Organisations struggle to become data-driven if they retain traditional siloed business functions. The hand-offs resulting from their differing business goals and inter-communication overheads incur too much inertia.
The real question is: How do you become outcome driven? It requires those who interact with customers to understand what is happening in context – being informed – to be empowered to make decisions and to be equipped to act according to the business goal.
It takes an end-to-end approach to become an outcome-driven organisation
I have shown how to build a slice of a data pipeline in previous posts on my blog. This end-to-end approach is the enabler of shared situational awareness. Data is available from source in a shared platform, which in turn feeds information to all parts of the business. However, vertical organisation silos also need to be dissolved in favour of outcome-driven value streams. Those at the front line must be able to see all the way back to the start of the information cycle safely within the organisation’s information governance policies. Everyone then has improved and timelier shared awareness.
Each area of the business that interacts with customers operates as a business value stream. These streams enshrine the concept of bringing the work to the people, rather than shipping people to the work. This increases quality and employee engagement and reduces internal conflict.
Consuming higher value services releases business capacity
Teams are assembled for value streams. They are multi-disciplinary and obviate the need for traditional IT programmes and shared services. The maintenance burden of sustaining existing IT systems is reduced because migrating workloads to the cloud means that previously highly sought after, shared technical expertise can be dedicated to each business area. Each business area can concentrate on optimising its outcomes.

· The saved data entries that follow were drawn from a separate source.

Lemma snorm2_eproj m1 m2 m3 w : unit3 m1 m2 m3 ->
  snorm2 (eproj m1 m2 m3 w) = 2 * (snorm2 w + sdot w (sigma m1 m2 m3 w)).
Proof.
unfold unit3; intro Hm.
transitivity (snorm2 w + 2 * sdot w (sigma m1 m2 m3 w) + (m1*m1+m2*m2+m3*m3) * snorm2 w).
- unfold snorm2, sdot, eproj, sadd, sigma; simpl; ring.
- rewrite Hm; ring.
Qed.

(* If [w] is a unit +1-eigenvector of sigma(c), it stays "far from the -1-eigenline"
   of sigma(m) for every m within 1/4 of c, coordinatewise. *)
Lemma sdot_sigma_near m1 m2 m3 c1 c2 c3 w :
  snorm2 w = 1 -> sigma c1 c2 c3 w = w ->
  Rabs (m1 - c1) < /4 -> Rabs (m2 - c2) < /4 -> Rabs (m3 - c3) < /4 ->
  / 4 < sdot w (sigma m1 m2 m3 w).
Proof.
intros Hn He H1 H2 H3.
assert (Hc : sdot w (sigma c1 c2 c3 w) = 1) by (rewrite He; exact Hn).
rewrite sdot_sigma in Hc |- *.
destruct (bloch_bounds w Hn) as [K1 [K2 K3]].
assert (Hprod : forall x y, Rabs x < /4 -> Rabs y <= 1 -> - /4 < x * y).
{ intros x y Hx Hy. assert (Rabs (x * y) < /4).
  { rewrite Rabs_mult. pose proof (Rabs_pos x); pose proof (Rabs_pos y). nra. }
  apply Rabs_def2 in H. lra. }
pose proof (Hprod _ _ H1 K1); pose proof (Hprod _ _ H2 K2); pose proof (Hprod _ _ H3 K3).
lra.
Qed.

Lemma eproj_normalized m1 m2 m3 w : unit3 m1 m2 m3 -> 0 < snorm2 (eproj m1 m2 m3 w) ->
  let u := sscale (/ sqrt (snorm2 (eproj m1 m2 m3 w))) (eproj m1 m2 m3 w) in
  snorm2 u = 1 /\ sigma m1 m2 m3 u = u.
Proof.
intros Hm Hp u. split.
- set (Q := snorm2 (eproj m1 m2 m3 w)) in Hp, u.
  assert (Hu : snorm2 u = / sqrt Q * / sqrt Q * Q)
    by (unfold u, Q, snorm2, sdot, sscale; simpl; ring).
  rewrite Hu, <- Rinv_mult, sqrt_sqrt by lra. field. lra.
- unfold u. rewrite sigma_scale, sigma_eproj by exact Hm. reflexivity.
Qed.

Lemma eproj_fixed m1 m2 m3 w : snorm2 w = 1 -> sigma m1 m2 m3 w = w ->
  snorm2 (eproj m1 m2 m3 w) = 4 /\
  sscale (/ sqrt (snorm2 (eproj m1 m2 m3 w))) (eproj m1 m2 m3 w) = w.
Proof.
intros Hn He. unfold eproj. rewrite He.
assert (Hn4 : snorm2 (sadd w w) = 4).
{ transitivity (4 * snorm2 w); [unfold snorm2, sdot, sadd; simpl; ring | rewrite Hn; ring]. }
split; [exact Hn4|]. rewrite Hn4. replace 4 with (2 * 2) by ring.
rewrite sqrt_square by lra. apply spinor_ext; unfold sscale, sadd; simpl; field.
Qed.

Lemma eigvec_exists m1 m2 m3 : unit3 m1 m2 m3 ->
  exists w, snorm2 w = 1 /\ sigma m1 m2 m3 w = w.
Proof.
intro Hm.
assert (Hpos : forall w, snorm2 w = 1 -> 0 < snorm2 w + sdot w (sigma m1 m2 m3 w) ->
          exists u, snorm2 u = 1 /\ sigma m1 m2 m3 u = u).
{ intros w _ Hw. eexists. apply (eproj_normalized m1 m2 m3 w Hm).
  rewrite snorm2_eproj by exact Hm. lra. }
destruct (Rlt_dec (-1) m1).
- apply (Hpos (mkS 1 0 0 0)); unfold snorm2, sdot, sigma; simpl; lra.
- apply (Hpos (mkS 0 0 1 0)); unfold snorm2, sdot, sigma; simpl; lra.
Qed.

Definition Scont_on (a b : R) (w : R -> spinor) : Prop :=
  Rcont_on a b (fun t => ur (w t)) /\ Rcont_on a b (fun t => ui (w t)) /\
  Rcont_on a b (fun t => vr (w t)) /\ Rcont_on a b (fun t => vi (w t)).

Definition eigen_frame (a b : R) (m1 m2 m3 : R -> R) (w : R -> spinor) : Prop :=
  Scont_on a b w /\ forall t, Icc a b t ->
    snorm2 (w t) = 1 /\ sigma (m1 t) (m2 t) (m3 t) (w t) = w t.

Lemma eigen_frame_glue a c e m1 m2 m3 w w' : a <= c <= e ->
  eigen_frame a c m1 m2 m3 w -> eigen_frame c e m1 m2 m3 w' -> w c = w' c ->
  eigen_frame a e m1 m2 m3 (glue c w w').
Proof.
intros Hc [[C1 [C2 [C3 C4]]] Hw] [[C1' [C2' [C3' C4']]] Hw'] Hj.
split; [repeat split; apply cont_glue; auto; rewrite Hj; reflexivity|].
intros t Ht. unfold glue; destruct (Rle_dec t c).
- apply Hw; unfold Icc in *; lra.
- apply Hw'; unfold Icc in *; lra.
Qed.

(* One step of path lifting: while m(s) stays within 1/4 of m(c), projecting a fixed
   eigenvector of sigma(m(c)) onto the eigenlines of sigma(m(s)) gives an eigen_frame. *)
Lemma eigen_frame_step c e m1 m2 m3 w0 : c <= e ->
  Rcont_on c e m1 -> Rcont_on c e m2 -> Rcont_on c e m3 ->
  (forall s, Icc c e s -> unit3 (m1 s) (m2 s) (m3 s)) ->
  (forall s, Icc c e s ->
     Rabs (m1 s - m1 c) < /4 /\ Rabs (m2 s - m2 c) < /4 /\ Rabs (m3 s - m3 c) < /4) ->
  snorm2 w0 = 1 -> sigma (m1 c) (m2 c) (m3 c) w0 = w0 ->
  exists w, eigen_frame c e m1 m2 m3 w /\ w c = w0.
Proof.
intros Hce C1 C2 C3 Hm Hnear Hn He.
set (P := fun s => eproj (m1 s) (m2 s) (m3 s) w0).
set (Q := fun s => snorm2 (P s)).
assert (HQ : forall s, Icc c e s -> 0 < Q s).
{ intros s Hs. unfold Q, P. rewrite snorm2_eproj by (apply Hm; exact Hs).
  destruct (Hnear s Hs) as [N1 [N2 N3]].
  pose proof (sdot_sigma_near _ _ _ _ _ _ w0 Hn He N1 N2 N3). lra. }
exists (fun s => sscale (/ sqrt (Q s)) (P s)). split; [split|].
- rewrite cont_iff in C1, C2, C3.
  assert (LQ : forall t, Icc c e t -> lim_in (Icc c e) t (fun s => / sqrt (Q s)) (/ sqrt (Q t))).
  { intros t Ht. pose proof (HQ t Ht).
    apply lim_in_inv; [apply lim_in_sqrt; auto | apply Rgt_not_eq, sqrt_lt_R0; auto].
    specialize (C1 t Ht); specialize (C2 t Ht); specialize (C3 t Ht).
    unfold Q, P, snorm2, sdot, eproj, sadd, sigma; simpl. lim_tac. }
  repeat split; apply cont_iff; intros t Ht; simpl; apply lim_in_mult; try (apply LQ; exact Ht);
    specialize (C1 t Ht); specialize (C2 t Ht); specialize (C3 t Ht);
    unfold P, eproj, sadd, sigma; simpl; lim_tac.
- intros t Ht. apply (eproj_normalized _ _ _ w0 (Hm t Ht) (HQ t Ht)).
- apply (eproj_fixed _ _ _ w0 Hn He).
Qed.

Lemma eigen_frame_steps a b h m1 m2 m3 : 0 < h ->
  Rcont_on a b m1 -> Rcont_on a b m2 -> Rcont_on a b m3 ->
  (forall s, Icc a b s -> unit3 (m1 s) (m2 s) (m3 s)) ->
  (forall s t, Icc a b s -> Icc a b t -> Rabs (s - t) <= h ->
     Rabs (m1 s - m1 t) < /4 /\ Rabs (m2 s - m2 t) < /4 /\ Rabs (m3 s - m3 t) < /4) ->
  forall k, a + INR k * h <= b -> exists w, eigen_frame a (a + INR k * h) m1 m2 m3 w.
Proof.
intros Hh C1 C2 C3 Hm Hosc. induction k as [|k IH]; intro Hk.
- simpl in *. replace (a + 0 * h) with a in * by ring.
  destruct (eigvec_exists _ _ _ (Hm a ltac:(unfold Icc; lra))) as [w0 Hw0].
  exists (fun _ => w0). split; [repeat split; apply cont_point|].
  intros t Ht. unfold Icc in Ht. replace t with a by lra. exact Hw0.
- rewrite S_INR in Hk |- *. set (c := a + INR k * h) in *.
  assert (Hc : a <= c) by (pose proof (pos_INR k); unfold c; nra).
  replace (a + (INR k + 1) * h) with (c + h) in * by (unfold c; ring).
  destruct (IH ltac:(lra)) as [w Hw].
  destruct (proj2 Hw c ltac:(unfold Icc; lra)) as [Hn He].
  assert (Hstep : exists w', eigen_frame c (c + h) m1 m2 m3 w' /\ w' c = w c).
  { apply eigen_frame_step; auto; try lra; try (apply (cont_sub a b); auto; lra).
    - intros s Hs; apply Hm; unfold Icc in *; lra.
    - intros s Hs. apply Hosc; unfold Icc in *; try lra. rewrite Rabs_right; lra. }
  destruct Hstep as [w' [Hw' Hj]].
  exists (glue c w w'). apply eigen_frame_glue; auto; lra.
Qed.

(* Path lifting through the Hopf fibration: a continuous unit vector field m on [a,b]
   admits a continuous field of unit +1-eigenvectors of sigma(m). *)
Lemma eigen_frame_exists a b m1 m2 m3 : a < b ->
  Rcont_on a b m1 -> Rcont_on a b m2 -> Rcont_on a b m3 ->
  (forall t, Icc a b t -> unit3 (m1 t) (m2 t) (m3 t)) ->
  exists w, eigen_frame a b m1 m2 m3 w.
Proof.
intros Hab C1 C2 C3 Hm.
assert (Hq : 0 < /4) by lra.
destruct (unif_cont a b m1 ltac:(lra) C1 _ Hq) as [d1 [Hd1 U1]].
destruct (unif_cont a b m2 ltac:(lra) C2 _ Hq) as [d2 [Hd2 U2]].
destruct (unif_cont a b m3 ltac:(lra) C3 _ Hq) as [d3 [Hd3 U3]].
set (d := Rmin d1 (Rmin d2 d3)).
assert (Hd : 0 < d) by (apply Rmin_pos; auto; apply Rmin_pos; auto).
assert (Hdd : d <= d1 /\ d <= d2 /\ d <= d3).
{ unfold d; pose proof (Rmin_l d1 (Rmin d2 d3)); pose proof (Rmin_r d1 (Rmin d2 d3)).
  pose proof (Rmin_l d2 d3); pose proof (Rmin_r d2 d3). lra. }
destruct (archimed_cor1 (d / (b - a))) as [N [HN HN0]]; [apply Rdiv_lt_0_compat; lra|].
assert (HNp : 0 < INR N) by (apply lt_0_INR; lia).
set (h := (b - a) / INR N).
assert (Hh : 0 < h) by (apply Rdiv_lt_0_compat; lra).
assert (HNh : a + INR N * h = b) by (unfold h; field; lra).
assert (Hhd : h < d).
{ unfold h. apply (Rmult_lt_reg_r (/ (b - a))); [apply Rinv_0_lt_compat; lra|].
  replace ((b - a) / INR N * / (b - a)) with (/ INR N) by (field; lra). exact HN. }
rewrite <- HNh. apply (eigen_frame_steps a b h); auto; [|lra].
intros s t Hs Ht Hst. repeat split; [apply U1 | apply U2 | apply U3]; auto; lra.
Qed.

Teams are able to find and access the information they need using the data platform and configure a pipeline to produce the insights they need for decision making. This employs techniques including data analysis, identifying patterns, algorithm development, and more. The pipeline can be augmented by AI and machine learning for greater automation and accuracy.
Micro-services architectures provide teams with the technical capabilities to act, but that is the subject of a future post. Suffice to say that this offers a step change in automation and agility.
Such automation enables business operations to react more quickly to changes. It frees up time for people to learn new skills, for better quality engagement with each customer and to focus on tasks that rely on imagination, intuition and empathy.
The profile of technical skills an organisation needs to compete has shifted
Each business area will use the platform to easily create, maintain, grow, shrink and decommission its own systems. They will be able to exploit automation, sophisticated analytics and machine learning. As I have shown in previous posts, the barriers to deployment are so low they will be able to start small, experiment and enhance capabilities in days or weeks on the platform without creating unsupportable or under the desk IT.
Only then can you truly become data driven and maximise the benefits of a data pipeline.